Similarly, the heavy use of a glycopeptide antibiotic called Avoparcin in the animal livestock industry in the US, Europe and Australia is thought to have been directly responsible for the bacterial resistance to another glycopeptide vancomycin which is used to treat serious infections such as golden staph in humans. As a result, there have been a number of bacterium outbreaks in communities that are untreatable. One prevalent ‘super bug’ that has reared its ugly head consistently is VRE, or vancomycin-resistant enterococci, which can kill if it enters the bloodstream. In 1996, as a result of these outbreaks, Avoparcin once used to promote the growth of chickens and pigs was banned in Europe.
What you can do
Hygiene plays a large role in the link between antibiotic treatment in animals, and resistance in humans. Meat that is not washed correctly may harbour bacteria therefore the best advice to consumers is to wash hands, knives and cutting boards after preparing meat, and to ensure that it is cooked thoroughly.
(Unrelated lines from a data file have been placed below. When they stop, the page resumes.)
(* Let $[a,b]$ be a bounded interval, $n\ge2$ an integer, $h=(b-a)/n$, $x_k=a+kh$ ($0\le k\le n$), and let $X_n$ be the real vector space of maps $f:\{x_0,\ldots,x_n\}\to\mathbb R$. Let $s\ge0$, $\delta>0$, $0<c<1$, $M_0>0$, $C\ge0$, and let $N$ be a positive integer or $N=\infty$. For $1\le j\le N$ let $\theta_j:[a,b]\to[a,b]$ be Lipschitz with $\mathrm{Lip}(\theta_j)\le c$, let $\beta_j\in K_{M_0}\setminus\{0\}$, and let $C_j\in\mathbb R$ with $|C_j|\le C$. Define $\hat\beta_{j,s}\in X_n$ by $\hat\beta_{j,s}(x_k)=[1+\tfrac12C_jQ(\theta_j(x_k))][\beta_j(x_k)]^s$ and $L_{j,s}:X_n\to X_n$ by $(L_{j,s}f)(x_k)=\hat\beta_{j,s}(x_k)f^I(\theta_j(x_k))$. If $N=\infty$, assume there exists $k_0$ with $0\le k_0\le n$ such that $\sum_{j=1}^\infty\hat\beta_{j,s}(x_{k_0})<\infty$. Let $L_s=\sum_{j=1}^NL_{j,s}$. Assume $h\le1$, $Ch/4\le1$, and with $M_2=[sM_0+(1+h)/2]+\delta$ assume $\exp(-M_2h)\ge(1+c)/2$; let $M\in\mathbb R$ satisfy $\exp(Mh)\ge2$. Then $L_s(K_M\setminus\{0\})\subset K_{M-\delta}\setminus\{0\}$.
   Context: For $f\in X_n$, $f^I:[a,b]\to\mathbb R$ is its piecewise linear interpolant: $f^I(x)=\frac{x-x_j}{h}f(x_{j+1})+\frac{x_{j+1}-x}{h}f(x_j)$ for $x_j\le x\le x_{j+1}$. For $M>0$, $K_M=\{f\in X_n: f(x_{j+1})\le f(x_j)e^{Mh}\text{ and }f(x_j)\le f(x_{j+1})e^{Mh},\ 0\le j<n\}$. $Q:[a,b]\to[0,h^2/4]$ is $Q(u)=(x_{j+1}-u)(u-x_j)$ for $x_j\le u\le x_{j+1}$. *)

From Stdlib Require Import Reals.
From Coquelicot Require Import Coquelicot.
Open Scope R_scope.

(* Grid on [a,b]: h = (b-a)/n, x_k = a + k h.  Elements of X_n are
   represented by functions nat -> R, only the values at 0..n matter. *)
Definition hstep (a b : R) (n : nat) : R := (b - a) / INR n.
Definition node (a b : R) (n : nat) (k : nat) : R := a + INR k * hstep a b n.

(* index j with x_j <= u <= x_{j+1} (for u in [a,b]); j = n-1 at u = b *)
Definition idx (a b : R) (n : nat) (u : R) : nat :=
  Nat.min (Z.to_nat (Int_part ((u - a) / hstep a b n))) (n - 1).
(* Let $\mathbb E^{\mathcal A},\mathbb E^{\mathcal B},\mathbb E^{\mathcal C}$ be decomposed symmetric $n$-fold vector bundles over $M,N,P$ and $\eta=(\eta_p)_p\colon\mathbb E^{\mathcal A}\to\mathbb E^{\mathcal B}$, $\tau=(\tau_p)_p\colon\mathbb E^{\mathcal B}\to\mathbb E^{\mathcal C}$ morphisms of symmetric $n$-fold vector bundles over $\eta_0\colon M\to N$, $\tau_0\colon N\to P$. Then $\tau\circ\eta$, a morphism over $\tau_0\circ\eta_0$, has components given, for every nondecreasing tuple $p=(i_1,\ldots,i_k)$ with $\sum p\le n$, $\rho^p_{\rm can}=(K_1,\ldots,K_k)$ and $a_{K_j}\in A_{i_j}$ over a common point, by $$(\tau\circ\eta)_p(a_{K_1},\ldots,a_{K_k})=\sum_{(\rho_1,\ldots,\rho_l)}\mathrm{sgn}(\rho_1,\ldots,\rho_l)\,\tau_{(\#\cup\rho_1,\ldots,\#\cup\rho_l)}\Big(\eta_{|\rho_1|}\big((a_K)_{K\in\rho_1}\big),\ldots,\eta_{|\rho_l|}\big((a_K)_{K\in\rho_l}\big)\Big),$$ the sum running over all $l\ge1$ and tuples of canonically ordered partitions $\rho_1,\ldots,\rho_l$ with $\rho_1\cup\cdots\cup\rho_l=\{K_1,\ldots,K_k\}$ as sets and $\cup\rho_1<\cdots<\cup\rho_l$ in the canonical order of subsets (by cardinality, then lexicographically); $(\rho_1,\ldots,\rho_l)$ denotes the concatenated ordered partition of $\{1,\ldots,\sum p\}$ and $(a_K)_{K\in\rho_j}$ is listed in the order of $\rho_j$.
   Context: For vector bundles $A_1,\ldots,A_n\to M$, $\mathbb E^{\mathcal A}(I)=\prod^M_{\emptyset\ne J\subseteq I}A_{\#J}$ with canonical projections and $S_n$-action $(a_J)_{J\subseteq I}\mapsto(\epsilon(\sigma^{-1},J)a_{\sigma^{-1}(J)})_{J\subseteq\sigma(I)}$, $\epsilon(\sigma,I)=(-1)^{\#\{(a,b)\in I^2:a<b,\sigma(a)>\sigma(b)\}}$. A morphism $\tau\colon\mathbb E^{\mathcal A}\to\mathbb E^{\mathcal B}$ of symmetric $n$-fold vector bundles (equivariant morphism of $n$-fold vector bundles) is the same as a family $(\tau_p)_{p}$, $p=(i_1,\ldots,i_k)$ nondecreasing with $\sum p\le n$, of vector bundle morphisms $\tau_p\colon A_{i_1}\otimes\cdots\otimes A_{i_k}\to B_{\sum p}$ over a common base map, symmetric in arguments from $A_j$, $j$ even, skew-symmetric for $j$ odd, via $\tau(J)((a_I)_{I\subseteq J})=(\sum_{\rho=(I_1,\ldots,I_k)\in\mathcal P(I)}\mathrm{sgn}(\rho)\tau_{(\#I_1,\ldots,\#I_k)}(a_{I_1},\ldots,a_{I_k}))_{I\subseteq J}$. Notation: $\mathcal P(I)$ canonically ordered partitions (increasing cardinality, ties lexicographic); $|\rho|=(\#I_1,\ldots,\#I_k)$; $\rho^p_{\rm can}$ the partition of $\{1,\ldots,\sum p\}$ into consecutive blocks of sizes $i_1,\ldots,i_k$; $\mathrm{sgn}$ of an ordered partition of a set = sign of the permutation from natural order to the order listing the blocks successively, each increasingly. *)

(* Fibrewise model of decomposed symmetric n-fold vector
   bundles and of their morphisms given by components (tau_p)_p. *)
From HB Require Import structures.
From mathcomp Require Import all_boot all_order all_algebra all_fingroup.
From mathcomp Require Import reals.
Set Implicit Arguments. Unset Strict Implicit. Unset Printing Implicit Defensive.
Import GRing.Theory.
Local Open Scope ring_scope.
Moreover, consumers dictate market trends; hence, in buying organic meat that has not been produced with the use of antibiotics, the mthey arket can be influenced. Concerns can also be voiced with major meat producers, suppliers, and purchasers concerning the use of antibiotics. A campaign to persuade McDonald’s a major meat purchaser to act on this issue has been successful. McDonald’s has demanded that its poultry suppliers phase out antibiotic use for growth promotion, is giving preference to suppliers who comply, and is establishing a monitoring system for compliance.
In addition, increased pressure is required to be placed upon pharmaceutical companies to cease selling antibiotics to the agricultural industry for non-therapeutic use, and especially antibiotics that are closely related to those used by humans. Demand the publication of accurate data on the production and use of antibiotics in all industries, in order that consumers can make informed decisions when purchasing meat and meat products.
Write a letter or email your Government representative, urge him or her to take action to ban antibiotics from non-therapeutic use in the agricultural industry, and to set up a monitoring system to ensure compliance.